On the Table: A Series on Food and Culture Set in Spain

If you’ve never been grocery shopping outside the United States, you might be surprised to know that much of the world does so without ever stepping foot inside a supermarket. If you have, you might now be recalling memories of walking through town with a bag on your shoulder, hopping from the butcher to the bulk store, peeking into the fruit store on the way, waving to the ladies who stand behind the counter while trying to ascertain whether there is broccoli today. The closest bread store to my apartment, Panris, is a franchise that sells bread all over town, its most popular being uniform bland baguettes longer than your arm that you can take home for less than a euro. I count it a small miracle, then, to have actually found my bread guy at the cheese store, when I asked the attendant about the few loaves he had just placed in the window. 

Son unos panes brutales,” he said, which translates the way you would expect, but which I took to mean good. Brutally good. “They’re all made with organic flour from here.” He looked at me with true reverence in his eyes, and I felt as though I had discovered a secret only a select few in the neighborhood knew about. I took home a loaf of bread the color of café con leche and speckled with pumpkin seeds, and from that moment on was dependent on the bread from Miga de Mariana, a bakery in Aviles about 30 kilometers away. This would all be fine, except that Mariana only delivers to Gijon on Thursdays, after I’ve left for school, and the entire delivery is usually sold out before I get back in the afternoon.

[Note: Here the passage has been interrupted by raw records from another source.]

(* Let $R$ be a local ring, $s\in R$ a central element, and let $E$ be an idempotent of $M_2(R;s)$ with $E\neq 0$ and $E\neq I_2$. Then: (1) if $s\in U(R)$, then $E$ is similar to $\left[\begin{smallmatrix} 1&0\\ 0&0\end{smallmatrix}\right]$; (2) if $s\in J(R)$, then $E$ is similar to $\left[\begin{smallmatrix} 1&0\\ 0&0\end{smallmatrix}\right]$ or $E$ is similar to $\left[\begin{smallmatrix} 0&0\\ 0&1\end{smallmatrix}\right]$.
   Context: All rings are associative with identity. A ring $R$ is local if $R/J(R)$ is a division ring, where $J(R)$ is the Jacobson radical; $U(R)$ is the group of units. For a ring $R$ and a central element $s\in R$, $M_2(R;s)$ denotes the ring whose elements are the $2\times 2$ arrays $\left[\begin{smallmatrix} a&b\\ c&d\end{smallmatrix}\right]$ with $a,b,c,d\in R$, with componentwise addition and multiplication $\left[\begin{smallmatrix} a&b\\ c&d\end{smallmatrix}\right]\left[\begin{smallmatrix} a'&b'\\ c'&d'\end{smallmatrix}\right]=\left[\begin{smallmatrix} aa'+s^2bc'&ab'+bd'\\ ca'+dc'&s^2cb'+dd'\end{smallmatrix}\right]$, with identity $I_2$. Two elements $A,B\in M_2(R;s)$ are similar if $B=P^{-1}AP$ for some unit $P$ of $M_2(R;s)$. *)

From HB Require Import structures.
From mathcomp Require Import all_boot all_order all_algebra.
Set Implicit Arguments. Unset Strict Implicit. Unset Printing Implicit Defensive.
Import GRing.Theory.
Local Open Scope ring_scope.

Definition in_units (R : unitRingType) (x : R) : Prop := x \is a GRing.unit.

Definition jacobson (R : unitRingType) (x : R) : Prop :=
  forall y : R, (1 - y * x) \is a GRing.unit.

(* R local: R/J(R) is a division ring, i.e. the quotient is nontrivial
   (1 \notin J(R)) and every class x + J(R) with x \notin J(R) has a
   two-sided inverse modulo J(R). *)
Definition local_ring (R : unitRingType) : Prop :=
  ~ jacobson (1 : R) /\
  forall x : R, ~ jacobson x ->
    exists y : R, jacobson (x * y - 1) /\ jacobson (y * x - 1).

Definition central (R : unitRingType) (s : R) : Prop := forall x : R, s * x = x * s.

Record mat2 (R : Type) := Mat2 { m11 : R; m12 : R; m21 : R; m22 : R }.

Section M2s.
Variables (R : unitRingType) (s : R).

Definition mul2 (A B : mat2 R) : mat2 R :=
  Mat2 (m11 A * m11 B + s ^+ 2 * m12 A * m21 B)
       (m11 A * m12 B + m12 A * m22 B)
       (m21 A * m11 B + m22 A * m21 B)
       (s ^+ 2 * m21 A * m12 B + m22 A * m22 B).

Definition I2 : mat2 R := Mat2 1 0 0 1.
Definition Z2 : mat2 R := Mat2 0 0 0 0.

Definition idempotent2 (E : mat2 R) : Prop := mul2 E E = E.

Definition similar2 (A B : mat2 R) : Prop :=
  exists P Q : mat2 R, mul2 P Q = I2 /\ mul2 Q P = I2 /\ B = mul2 (mul2 Q A) P.
End M2s.

(* Over a local ring every element is a unit or lies in J(R), and the only
   idempotents are 0 and 1.  Let E = [a b; c d] be idempotent.  If a is a unit,
   conjugating by [a 0; c 1] makes E upper triangular with corner 1; its other
   diagonal entry is an idempotent of R, and E ~ diag(1,0) unless E = I.  If d is
   a unit, the symmetric argument gives E ~ diag(0,1).  If a and d both lie in
   J(R), idempotence forces E = 0.  Finally, when s is a unit, the swap
   [0 1; 1 0] (with inverse s^-2 [0 1; 1 0]) conjugates diag(0,1) to diag(1,0). *)
Set Warnings "-notation-overridden,-ambiguous-paths".
From mathcomp Require Import all_boot all_order all_algebra.
From Stdlib Require Import Classical.
Set Implicit Arguments. Unset Strict Implicit.
Import GRing.Theory.
Local Open Scope ring_scope.

Section Jacobson.
Variable R : unitRingType.

Lemma jacobson_nonunit (x : R) : jacobson x -> x \isn't a GRing.unit.
Proof. by move=> Jx; apply/negP=> Ux; move: (Jx x^-1); rewrite mulVr // subrr unitr0. Qed.

Lemma jacobson_unit1B (x : R) : jacobson x -> (1 - x) \is a GRing.unit.
Proof. by move=> Jx; move: (Jx 1); rewrite mul1r. Qed.

Lemma jacobsonMl (r x : R) : jacobson x -> jacobson (r * x).
Proof. by move=> Jx y; rewrite mulrA. Qed.

Lemma jacobsonD (x y : R) : jacobson x -> jacobson y -> jacobson (x + y).
Proof.
move=> Jx Jy z; have Ux := Jx z.
have -> : 1 - z * (x + y) = (1 - z * x) * (1 - (1 - z * x)^-1 * (z * y)).
  by rewrite mulrBr mulr1 mulVKr // mulrDr opprD addrA.
by rewrite unitrMr // mulrA Jy.
Qed.

Lemma jacobsonB1_unit (x : R) : jacobson (x - 1) -> x \is a GRing.unit.
Proof. by move=> J; move: (J (-1)); rewrite mulN1r opprK addrCA subrr addr0. Qed.

End Jacobson.

Section LocalRing.
Variable R : unitRingType.
Hypothesis localR : local_ring R.

Lemma local_unit_or_jacobson (x : R) : x \is a GRing.unit \/ jacobson x.
Proof.
have [Jx | nJx] := classic (jacobson x); first by right.
left; have [y [Jxy Jyx]] := localR.2 x nJx.
have Uxy := jacobsonB1_unit Jxy; have Uyx := jacobsonB1_unit Jyx.
have rinv : x * (y * (x * y)^-1) = 1 by rewrite mulrA mulrV.
have linv : (y * x)^-1 * y * x = 1 by rewrite -mulrA mulVr.
have left_eq_right : (y * x)^-1 * y = y * (x * y)^-1.
  by rewrite -[LHS]mulr1 -rinv mulrA linv mul1r.
by apply/unitrP; exists (y * (x * y)^-1); rewrite -{1}left_eq_right.
Qed.

Lemma local_unit_of_rinv (x z : R) : x * z = 1 -> x \is a GRing.unit.
Proof.
move=> xz1; have [// | Jx] := local_unit_or_jacobson x.
(* z x is an idempotent with 1 - z x a unit, so z x = 0 and 1 = x (z x) z = 0 *)
have Uzx : (1 - z * x) \is a GRing.unit by apply: Jx.
have zx_idem : (1 - z * x) * (z * x) = 0.
  by rewrite mulrBl mul1r mulrA -(mulrA z) xz1 mulr1 subrr.
have zx0 : z * x = 0 by rewrite -(mulKr Uzx (z * x)) zx_idem mulr0.
have : (1 : R) = 0 by rewrite -xz1 -[x * z]mulr1 -xz1 mulrA -(mulrA x) zx0 mulr0 mul0r.
by move/eqP; rewrite oner_eq0.
Qed.

Lemma local_idem01 (x : R) : x * x = x -> x = 0 \/ x = 1.
Proof.
move=> xx; have [Ux | Jx] := local_unit_or_jacobson x.
  by right; rewrite -(mulKr Ux x) xx mulVr.
left; have U1x := jacobson_unit1B Jx.
have h : (1 - x) * x = 0 by rewrite mulrBl mul1r xx subrr.
by rewrite -(mulKr U1x x) h mulr0.
Qed.

Lemma local_jacobson_intertwine (c d u : R) :
  jacobson d -> u \is a GRing.unit -> c * u = d * c -> jacobson c.
Proof.
move=> Jd Uu cu_dc; have [Uc | //] := local_unit_or_jacobson c.
have Udc : d * c \is a GRing.unit by rewrite -cu_dc unitrMr.
have /negP[] := jacobson_nonunit Jd.
by apply: (@local_unit_of_rinv _ (c * (d * c)^-1)); rewrite mulrA mulrV.
Qed.

End LocalRing.

Section MatrixRing.
Variables (R : unitRingType) (s : R).
Hypothesis s_central : central s.

Lemma mulr_s2C (x : R) : x * s ^+ 2 = s ^+ 2 * x.
Proof. by rewrite expr2 mulrA -s_central -mulrA -s_central mulrA. Qed.

Lemma mul2A (A B C : mat2 R) : mul2 s (mul2 s A B) C = mul2 s A (mul2 s B C).
Proof.
case: A B C => a1 b1 c1 d1 [a2 b2 c2 d2] [a3 b3 c3 d3]; rewrite /mul2 /=.
by congr Mat2; rewrite !(mulrDl, mulrDr, mulrA, mulr_s2C) addrACA.
Qed.

Lemma mul1_2 (A : mat2 R) : mul2 s (I2 R) A = A.
Proof.
by case: A => a b c d; rewrite /mul2 /=; congr Mat2;
  rewrite !(mul1r, mul0r, mulr0, addr0, add0r).
Qed.

Lemma mul2_1 (A : mat2 R) : mul2 s A (I2 R) = A.
Proof.
by case: A => a b c d; rewrite /mul2 /=; congr Mat2;
  rewrite !(mulr1, mul0r, mulr0, addr0, add0r).
Qed.

Lemma similar2_trans (A B C : mat2 R) :
  similar2 s A B -> similar2 s B C -> similar2 s A C.
Proof.
move=> [P1 [Q1 [PQ1 [QP1 ->]]]] [P2 [Q2 [PQ2 [QP2 ->]]]].
exists (mul2 s P1 P2), (mul2 s Q2 Q1); split; [|split].
- by rewrite mul2A -(mul2A P2) PQ2 mul1_2 PQ1.
- by rewrite mul2A -(mul2A Q1) QP1 mul1_2 QP2.
- by rewrite !mul2A.
Qed.

Lemma similar2_idempotent (A B : mat2 R) :
  similar2 s A B -> idempotent2 s A -> idempotent2 s B.
Proof.
move=> [P [Q [PQ [_ ->]]]] AA; rewrite /idempotent2 !mul2A.
by rewrite -(mul2A P Q) PQ mul1_2 -(mul2A A A P) AA.
Qed.

Lemma similar2_neqI (A B : mat2 R) :
  similar2 s A B -> A <> I2 R -> B <> I2 R.
Proof.
move=> [P [Q [PQ [_ ->]]]] nAI BI; apply: nAI.
have <- : mul2 s P (mul2 s (mul2 s (mul2 s Q A) P) Q) = A.
  by rewrite !mul2A PQ mul2_1 -mul2A PQ mul1_2.
by rewrite BI mul1_2 PQ.
Qed.

End MatrixRing.

Ltac mat2_congr := rewrite /mul2 /I2 /=; congr Mat2;
  rewrite ?(mul1r, mulr1, mulr0, mul0r, addr0, add0r, subrr, mulNr, mulrN,
            addNr, addrN, opprK, oppr0).

Section Idempotents.
Variables (R : unitRingType) (s : R).
Hypothesis localR : local_ring R.
Hypothesis s_central : central s.

Lemma upper_idempotent_similar (b d : R) :
  idempotent2 s (Mat2 1 b 0 d) -> Mat2 1 b 0 d <> I2 R ->
  similar2 s (Mat2 1 b 0 d) (Mat2 1 0 0 0).
Proof.
case=> _ e12 _ e22 nI; move: e22; rewrite mulr0 mul0r add0r => dd.
have [-> | d1] := local_idem01 localR dd.
  by exists (Mat2 1 (-b) 0 1), (Mat2 1 b 0 1); split; [|split]; mat2_congr.
move: e12; rewrite d1 mul1r mulr1 => bb.
have b0 : b = 0 by apply: (@addrI _ b); rewrite bb addr0.
by case: nI; rewrite b0 d1.
Qed.

Lemma lower_idempotent_similar (a c : R) :
  idempotent2 s (Mat2 a 0 c 1) -> Mat2 a 0 c 1 <> I2 R ->
  similar2 s (Mat2 a 0 c 1) (Mat2 0 0 0 1).
Proof.
case=> e11 _ e21 _ nI; move: e11; rewrite mulr0 mul0r addr0 => aa.
have [-> | a1] := local_idem01 localR aa.
  by exists (Mat2 1 0 (-c) 1), (Mat2 1 0 c 1); split; [|split]; mat2_congr.
move: e21; rewrite a1 mul1r mulr1 => cc.
have c0 : c = 0 by apply: (@addrI _ c); rewrite cc addr0.
by case: nI; rewrite c0 a1.
Qed.

Lemma idempotent_unit11_similar (a b c d : R) :
  idempotent2 s (Mat2 a b c d) -> Mat2 a b c d <> I2 R ->
  a \is a GRing.unit -> similar2 s (Mat2 a b c d) (Mat2 1 0 0 0).
Proof.
move=> EE nI Ua; have [e11 e12 e21 e22] := EE.
pose d' := s ^+ 2 * - (c * a^-1) * b + d.
have to_upper : similar2 s (Mat2 a b c d) (Mat2 1 (a^-1 * b) 0 d').
  exists (Mat2 a 0 c 1), (Mat2 a^-1 0 (-(c * a^-1)) 1); split; [|split].
  - by mat2_congr; rewrite ?mulrV.
  - by mat2_congr; rewrite ?mulVr // -?mulrA ?mulVr ?mulr1 ?addNr.
  - rewrite /d' mul2A //.
    have -> : mul2 s (Mat2 a b c d) (Mat2 a 0 c 1) = Mat2 a b c d by mat2_congr.
    by mat2_congr; rewrite ?mulVr // -?mulrA ?mulVr ?mulr1 ?addNr.
apply: (similar2_trans s_central to_upper); apply: upper_idempotent_similar.
- exact: (similar2_idempotent s_central to_upper EE).
- exact: (similar2_neqI s_central to_upper nI).
Qed.

Lemma idempotent_unit22_similar (a b c d : R) :
  idempotent2 s (Mat2 a b c d) -> Mat2 a b c d <> I2 R ->
  d \is a GRing.unit -> similar2 s (Mat2 a b c d) (Mat2 0 0 0 1).
Proof.
move=> EE nI Ud; have [e11 e12 e21 e22] := EE.
pose a' := a + s ^+ 2 * - (b * d^-1) * c.
have to_lower : similar2 s (Mat2 a b c d) (Mat2 a' 0 (d^-1 * c) 1).
  exists (Mat2 1 b 0 d), (Mat2 1 (-(b * d^-1)) 0 d^-1); split; [|split].
  - by mat2_congr; rewrite ?mulrV // ?addNr.
  - by mat2_congr; rewrite ?mulVr // -?mulrA ?mulVr ?mulr1 ?addrN.
  - rewrite /a' mul2A //.
    have -> : mul2 s (Mat2 a b c d) (Mat2 1 b 0 d) = Mat2 a b c d by mat2_congr.
    by mat2_congr; rewrite ?mulVr // -?mulrA ?mulVr ?mulr1 ?addrN.
apply: (similar2_trans s_central to_lower); apply: lower_idempotent_similar.
- exact: (similar2_idempotent s_central to_lower EE).
- exact: (similar2_neqI s_central to_lower nI).
Qed.

Lemma idempotent_jacobson_diag_eq0 (a b c d : R) :
  idempotent2 s (Mat2 a b c d) -> jacobson a -> jacobson d -> Mat2 a b c d = Z2 R.
Proof.
case=> e11 e12 e21 e22 Ja Jd.
have U1a := jacobson_unit1B Ja; have U1d := jacobson_unit1B Jd.
have cU_dc : c * (1 - a) = d * c by rewrite mulrBr mulr1 -{1}e21 addrC addKr.
have bU_ab : b * (1 - d) = a * b by rewrite mulrBr mulr1 -{1}e12 addrK.
have Jc := local_jacobson_intertwine localR Jd U1a cU_dc.
have b_eq : b = a * b * (1 - d)^-1 by rewrite -bU_ab mulrK.
(* a = a^2 + s^2 b c = a k, and k lies in J(R), so 1 - k is a unit *)
pose k := a + s ^+ 2 * b * (1 - d)^-1 * c.
have U1k : (1 - k) \is a GRing.unit.
  by apply/jacobson_unit1B/jacobsonD => //; apply: jacobsonMl.
have a_1k : a * (1 - k) = 0.
  rewrite /k mulrBr mulr1 mulrDr.
  have -> : a * (s ^+ 2 * b * (1 - d)^-1 * c) = s ^+ 2 * b * c.
    by rewrite 3!(mulrA a) mulr_s2C // -(mulrA _ a b) -(mulrA _ (a * b)) -b_eq.
  by rewrite e11 subrr.
have a0 : a = 0 by rewrite -(mulrK U1k a) a_1k mul0r.
have b0 : b = 0 by rewrite b_eq a0 !mul0r.
have c0 : c = 0.
  have h : (1 - d) * c = 0 by rewrite mulrBl mul1r -cU_dc a0 subr0 mulr1 subrr.
  by rewrite -(mulKr U1d c) h mulr0.
rewrite b0 mulr0 add0r in e22.
have [d0 | d1] := local_idem01 localR e22; first by rewrite a0 b0 c0 d0.
by case: localR.1; rewrite -d1.
Qed.

Lemma idempotent_similar_diag (E : mat2 R) :
  idempotent2 s E -> E <> Z2 R -> E <> I2 R ->
  similar2 s E (Mat2 1 0 0 0) \/ similar2 s E (Mat2 0 0 0 1).
Proof.
case: E => a b c d EE nZ nI.
have [Ua | Ja] := local_unit_or_jacobson localR a.
  by left; apply: idempotent_unit11_similar.
have [Ud | Jd] := local_unit_or_jacobson localR d.
  by right; apply: idempotent_unit22_similar.
by case: nZ; apply: idempotent_jacobson_diag_eq0.
Qed.

End Idempotents.

Lemma similar2_diag_swap (R : unitRingType) (s : R) :
  s \is a GRing.unit -> similar2 s (Mat2 0 0 0 1) (Mat2 1 0 0 0).
Proof.
move=> Us; have Us2 : s ^+ 2 \is a GRing.unit by rewrite unitrX.
exists (Mat2 0 1 1 0), (Mat2 0 (s ^+ 2)^-1 (s ^+ 2)^-1 0); split; [|split];
  by mat2_congr; rewrite ?mulrV ?mulVr.
Qed.

Theorem lemma2p7 (R : unitRingType) (s : R) (E : mat2 R) :
  local_ring R -> central s ->
  idempotent2 s E -> E <> Z2 R -> E <> I2 R ->
  (in_units s -> similar2 s E (Mat2 1 0 0 0)) /\
  (jacobson s ->
     similar2 s E (Mat2 1 0 0 0) \/ similar2 s E (Mat2 0 0 0 1)).
Proof.
move=> localR s_central EE nZ nI.
have diag := idempotent_similar_diag localR s_central EE nZ nI.
split=> [Us | _]; last exact: diag.
have [// | E_e22] := diag.
exact: (similar2_trans s_central E_e22 (similar2_diag_swap Us)).
Qed.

The pumpkin loaf I bought from the quesería was sourdough, a type of bread I had until then understood to be a just another white toast choice that goes with eggs at the diner. I since learned that, in fact, all breads exist in the sourdough binary: they are either fermented naturally or they aren’t. You either let your flour mingle with the yeast in the air, breathing what you breathe, the pollen in spring, the salt off the ocean, the expiration of thousands of people walking past your window, or you buy commercially isolated yeast in a packet from the grocery store. Such a disciple I had been made that when I went home for Christmas break, I asked my stepdad, who had recently begun bread-making as a hobby, for a bit of his sourdough starter. I sniffed the jar and carefully packed it in a pile of sweatshirts in my checked luggage, unsure if the yeast, which I correctly suspected at the time would become more of a pet, would make it through customs.

 
Last year, I spent a few horrified weeks reading David Wallace-Wells’s The Uninhabitable Earth. In it, he describes the possible future that awaits us should we fail to address the current climate emergency. The scenarios are shocking, even for someone who has studied climate change, and at one point I actually threw my book against the table in despair. However, as a friend and I were talking about it, the part that stuck with both of us, surprisingly, was not about rising temperature but about the history of wheat. The domestication of grain-bearing grasses, and therefore the entire Neolithic Revolution and our species’ turn toward farming, he says, was the worst thing to ever happen to humans. As we learned to plant cereal, humans began to live in denser settlements, devoting more time and energy to the cultivation of food, sparking increased rates of war and disease. We lost our free time, our mobility, and the idea that we could find everything we need at earth’s table. Instead, even as we believed ourselves to be the planet’s sovereign, we hinged our survival on the care and cultivation of one single other species. Quoting Yuval Noah Harari, he says, “We didn’t domesticate wheat. Wheat domesticated us.”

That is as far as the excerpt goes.